◆ **EXERCISE AIM**
Among the entries below, determine how many lines contain the word "expands" and state only that figure.

(Records from a data collection)
▬▬▬▬▬▬

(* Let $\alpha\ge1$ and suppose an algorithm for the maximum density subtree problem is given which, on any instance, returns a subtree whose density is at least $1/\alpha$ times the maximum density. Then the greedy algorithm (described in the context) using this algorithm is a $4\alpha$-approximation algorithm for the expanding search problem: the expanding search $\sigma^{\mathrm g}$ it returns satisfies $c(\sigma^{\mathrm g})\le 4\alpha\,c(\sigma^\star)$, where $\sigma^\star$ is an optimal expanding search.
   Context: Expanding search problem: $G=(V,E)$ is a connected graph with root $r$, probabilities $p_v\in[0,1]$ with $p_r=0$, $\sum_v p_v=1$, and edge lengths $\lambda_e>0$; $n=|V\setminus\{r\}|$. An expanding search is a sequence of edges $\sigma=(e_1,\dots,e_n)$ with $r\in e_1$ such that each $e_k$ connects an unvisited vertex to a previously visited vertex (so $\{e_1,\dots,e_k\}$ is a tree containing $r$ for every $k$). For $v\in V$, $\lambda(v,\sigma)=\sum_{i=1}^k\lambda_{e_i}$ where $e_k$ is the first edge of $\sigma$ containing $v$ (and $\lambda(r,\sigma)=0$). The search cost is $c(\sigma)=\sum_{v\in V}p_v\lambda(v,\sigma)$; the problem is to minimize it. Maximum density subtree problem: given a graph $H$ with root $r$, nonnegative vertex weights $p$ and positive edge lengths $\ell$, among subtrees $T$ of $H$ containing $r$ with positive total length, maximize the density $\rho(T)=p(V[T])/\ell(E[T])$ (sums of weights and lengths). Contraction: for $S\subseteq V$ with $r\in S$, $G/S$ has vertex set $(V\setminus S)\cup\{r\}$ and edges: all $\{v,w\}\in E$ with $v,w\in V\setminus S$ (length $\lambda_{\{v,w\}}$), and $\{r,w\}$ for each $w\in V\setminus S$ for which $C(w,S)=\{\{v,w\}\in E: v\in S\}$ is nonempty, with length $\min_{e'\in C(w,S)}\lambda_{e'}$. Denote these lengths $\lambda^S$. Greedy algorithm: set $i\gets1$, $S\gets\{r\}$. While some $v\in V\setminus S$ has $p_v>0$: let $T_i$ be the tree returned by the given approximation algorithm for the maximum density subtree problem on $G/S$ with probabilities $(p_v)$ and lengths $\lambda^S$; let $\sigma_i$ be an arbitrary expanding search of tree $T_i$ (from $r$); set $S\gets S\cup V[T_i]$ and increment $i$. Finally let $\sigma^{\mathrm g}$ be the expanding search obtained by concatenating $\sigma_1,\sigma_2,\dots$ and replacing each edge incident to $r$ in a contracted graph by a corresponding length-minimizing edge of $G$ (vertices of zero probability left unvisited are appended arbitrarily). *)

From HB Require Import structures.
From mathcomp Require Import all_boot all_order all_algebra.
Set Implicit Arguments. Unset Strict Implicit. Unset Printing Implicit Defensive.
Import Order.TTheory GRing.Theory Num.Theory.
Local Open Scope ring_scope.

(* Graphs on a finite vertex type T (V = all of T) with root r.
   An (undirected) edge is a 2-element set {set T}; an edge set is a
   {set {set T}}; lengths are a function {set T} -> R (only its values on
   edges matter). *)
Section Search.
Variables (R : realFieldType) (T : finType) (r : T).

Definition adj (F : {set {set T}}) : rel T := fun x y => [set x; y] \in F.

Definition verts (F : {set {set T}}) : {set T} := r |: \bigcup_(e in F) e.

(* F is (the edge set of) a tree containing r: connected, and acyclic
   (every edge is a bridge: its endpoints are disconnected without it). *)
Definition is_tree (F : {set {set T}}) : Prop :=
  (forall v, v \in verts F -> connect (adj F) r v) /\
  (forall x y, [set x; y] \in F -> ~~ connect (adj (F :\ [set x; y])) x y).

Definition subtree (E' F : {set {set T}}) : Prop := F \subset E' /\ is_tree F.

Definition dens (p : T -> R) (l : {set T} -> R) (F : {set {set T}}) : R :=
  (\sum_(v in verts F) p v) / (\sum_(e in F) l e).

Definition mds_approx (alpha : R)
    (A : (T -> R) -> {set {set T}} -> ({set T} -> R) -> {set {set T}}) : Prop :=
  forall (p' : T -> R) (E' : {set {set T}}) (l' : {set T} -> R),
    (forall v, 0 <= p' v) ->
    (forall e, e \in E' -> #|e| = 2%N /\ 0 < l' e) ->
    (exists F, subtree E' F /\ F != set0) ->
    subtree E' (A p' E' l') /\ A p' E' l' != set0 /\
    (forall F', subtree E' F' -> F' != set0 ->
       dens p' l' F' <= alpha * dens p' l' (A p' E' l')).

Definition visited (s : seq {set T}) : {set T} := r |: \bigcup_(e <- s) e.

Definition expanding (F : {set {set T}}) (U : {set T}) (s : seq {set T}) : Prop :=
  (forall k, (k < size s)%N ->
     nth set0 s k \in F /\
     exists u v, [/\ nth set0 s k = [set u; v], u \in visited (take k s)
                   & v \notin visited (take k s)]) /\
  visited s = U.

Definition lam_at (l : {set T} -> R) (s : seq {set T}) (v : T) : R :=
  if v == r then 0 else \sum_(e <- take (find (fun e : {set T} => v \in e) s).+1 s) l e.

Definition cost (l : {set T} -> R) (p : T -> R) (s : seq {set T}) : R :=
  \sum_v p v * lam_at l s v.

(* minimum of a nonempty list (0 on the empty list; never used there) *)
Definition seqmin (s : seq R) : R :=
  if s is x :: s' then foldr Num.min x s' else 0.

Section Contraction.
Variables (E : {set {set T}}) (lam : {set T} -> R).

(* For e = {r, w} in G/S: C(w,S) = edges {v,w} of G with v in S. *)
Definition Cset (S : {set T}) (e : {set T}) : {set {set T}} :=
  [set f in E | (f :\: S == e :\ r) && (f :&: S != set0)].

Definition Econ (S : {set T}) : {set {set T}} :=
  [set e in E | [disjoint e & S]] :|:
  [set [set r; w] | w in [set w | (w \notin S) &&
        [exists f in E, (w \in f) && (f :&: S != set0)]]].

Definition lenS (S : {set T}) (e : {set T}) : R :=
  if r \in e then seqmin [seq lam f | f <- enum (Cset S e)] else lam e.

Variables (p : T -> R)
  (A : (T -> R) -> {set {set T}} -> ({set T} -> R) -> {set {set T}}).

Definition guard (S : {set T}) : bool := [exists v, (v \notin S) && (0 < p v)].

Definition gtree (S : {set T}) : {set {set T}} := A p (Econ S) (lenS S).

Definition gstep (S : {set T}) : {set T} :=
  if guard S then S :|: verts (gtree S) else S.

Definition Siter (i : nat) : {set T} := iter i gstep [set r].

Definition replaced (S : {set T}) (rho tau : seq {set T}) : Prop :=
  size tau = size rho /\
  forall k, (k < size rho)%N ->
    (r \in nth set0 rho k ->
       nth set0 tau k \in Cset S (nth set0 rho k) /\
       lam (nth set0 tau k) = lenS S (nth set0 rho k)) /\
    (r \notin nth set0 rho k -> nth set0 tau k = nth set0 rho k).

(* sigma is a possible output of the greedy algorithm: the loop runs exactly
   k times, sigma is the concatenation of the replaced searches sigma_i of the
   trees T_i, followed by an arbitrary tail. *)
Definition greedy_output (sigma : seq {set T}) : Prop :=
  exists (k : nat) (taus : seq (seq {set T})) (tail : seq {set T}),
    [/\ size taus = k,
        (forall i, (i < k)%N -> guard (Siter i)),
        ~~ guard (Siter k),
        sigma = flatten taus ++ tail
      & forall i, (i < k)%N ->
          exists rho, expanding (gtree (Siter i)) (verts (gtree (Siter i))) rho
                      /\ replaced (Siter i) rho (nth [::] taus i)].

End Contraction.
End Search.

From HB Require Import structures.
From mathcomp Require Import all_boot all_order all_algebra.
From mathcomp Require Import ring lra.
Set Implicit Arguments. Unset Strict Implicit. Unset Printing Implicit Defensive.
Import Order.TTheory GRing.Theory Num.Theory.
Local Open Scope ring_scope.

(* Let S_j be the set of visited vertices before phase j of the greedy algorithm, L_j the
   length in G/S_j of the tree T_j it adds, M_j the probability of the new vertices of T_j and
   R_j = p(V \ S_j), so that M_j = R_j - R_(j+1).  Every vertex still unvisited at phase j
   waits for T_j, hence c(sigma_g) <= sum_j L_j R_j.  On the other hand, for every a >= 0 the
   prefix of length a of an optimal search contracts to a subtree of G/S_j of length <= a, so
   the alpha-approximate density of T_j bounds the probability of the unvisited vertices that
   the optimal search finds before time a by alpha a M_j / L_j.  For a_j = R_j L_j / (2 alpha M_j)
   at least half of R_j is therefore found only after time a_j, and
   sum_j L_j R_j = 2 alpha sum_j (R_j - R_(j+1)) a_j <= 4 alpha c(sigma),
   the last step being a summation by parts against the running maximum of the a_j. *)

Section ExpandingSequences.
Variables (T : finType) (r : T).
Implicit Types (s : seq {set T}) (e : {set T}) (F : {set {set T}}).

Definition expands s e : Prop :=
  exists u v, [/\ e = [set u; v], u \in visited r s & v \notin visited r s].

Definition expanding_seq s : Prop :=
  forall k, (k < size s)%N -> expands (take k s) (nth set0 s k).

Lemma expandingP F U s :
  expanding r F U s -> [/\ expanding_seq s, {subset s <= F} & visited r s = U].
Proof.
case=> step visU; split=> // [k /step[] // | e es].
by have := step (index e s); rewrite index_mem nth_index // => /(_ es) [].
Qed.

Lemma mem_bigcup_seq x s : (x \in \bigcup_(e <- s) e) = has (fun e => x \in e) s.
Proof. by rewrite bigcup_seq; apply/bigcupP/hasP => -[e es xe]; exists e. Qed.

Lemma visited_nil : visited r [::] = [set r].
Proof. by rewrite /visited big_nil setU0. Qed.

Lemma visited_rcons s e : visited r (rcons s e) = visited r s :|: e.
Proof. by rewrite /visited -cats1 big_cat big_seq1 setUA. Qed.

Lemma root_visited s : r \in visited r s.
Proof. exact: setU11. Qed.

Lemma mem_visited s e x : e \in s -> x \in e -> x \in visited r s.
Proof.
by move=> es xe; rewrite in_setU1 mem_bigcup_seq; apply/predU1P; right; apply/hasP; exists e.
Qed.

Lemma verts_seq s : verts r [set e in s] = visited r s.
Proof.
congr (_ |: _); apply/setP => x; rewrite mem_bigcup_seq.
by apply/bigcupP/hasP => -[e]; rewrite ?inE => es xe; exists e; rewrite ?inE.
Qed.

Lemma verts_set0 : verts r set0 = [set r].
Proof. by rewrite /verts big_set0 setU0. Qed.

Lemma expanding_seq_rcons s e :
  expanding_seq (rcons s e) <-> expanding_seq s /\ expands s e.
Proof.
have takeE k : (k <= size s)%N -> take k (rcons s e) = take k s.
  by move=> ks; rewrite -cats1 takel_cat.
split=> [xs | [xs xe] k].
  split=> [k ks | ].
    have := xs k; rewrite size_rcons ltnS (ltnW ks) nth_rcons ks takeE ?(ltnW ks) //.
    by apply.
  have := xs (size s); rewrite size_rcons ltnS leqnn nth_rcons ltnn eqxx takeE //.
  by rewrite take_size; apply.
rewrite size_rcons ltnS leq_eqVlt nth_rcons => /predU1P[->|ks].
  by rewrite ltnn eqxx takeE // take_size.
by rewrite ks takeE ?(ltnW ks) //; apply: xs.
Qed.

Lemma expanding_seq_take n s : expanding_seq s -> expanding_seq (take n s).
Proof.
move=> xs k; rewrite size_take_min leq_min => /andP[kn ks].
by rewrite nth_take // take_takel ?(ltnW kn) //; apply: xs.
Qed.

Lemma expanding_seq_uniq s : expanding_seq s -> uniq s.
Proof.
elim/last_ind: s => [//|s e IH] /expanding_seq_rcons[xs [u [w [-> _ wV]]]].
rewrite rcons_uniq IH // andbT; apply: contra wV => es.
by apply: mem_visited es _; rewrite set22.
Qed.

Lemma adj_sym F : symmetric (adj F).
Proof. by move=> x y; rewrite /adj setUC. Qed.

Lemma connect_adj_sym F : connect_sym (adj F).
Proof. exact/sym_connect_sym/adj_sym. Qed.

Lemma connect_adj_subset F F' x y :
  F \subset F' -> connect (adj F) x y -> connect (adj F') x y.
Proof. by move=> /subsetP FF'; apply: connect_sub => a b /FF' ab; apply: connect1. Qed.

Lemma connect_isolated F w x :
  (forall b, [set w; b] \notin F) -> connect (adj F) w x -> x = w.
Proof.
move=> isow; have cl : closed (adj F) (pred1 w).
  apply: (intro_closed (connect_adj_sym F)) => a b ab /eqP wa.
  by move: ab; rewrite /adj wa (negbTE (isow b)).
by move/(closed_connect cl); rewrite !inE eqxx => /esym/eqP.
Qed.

▬▬▬▬▬▬

◆ **SOLUTION TO THIS TASK**
3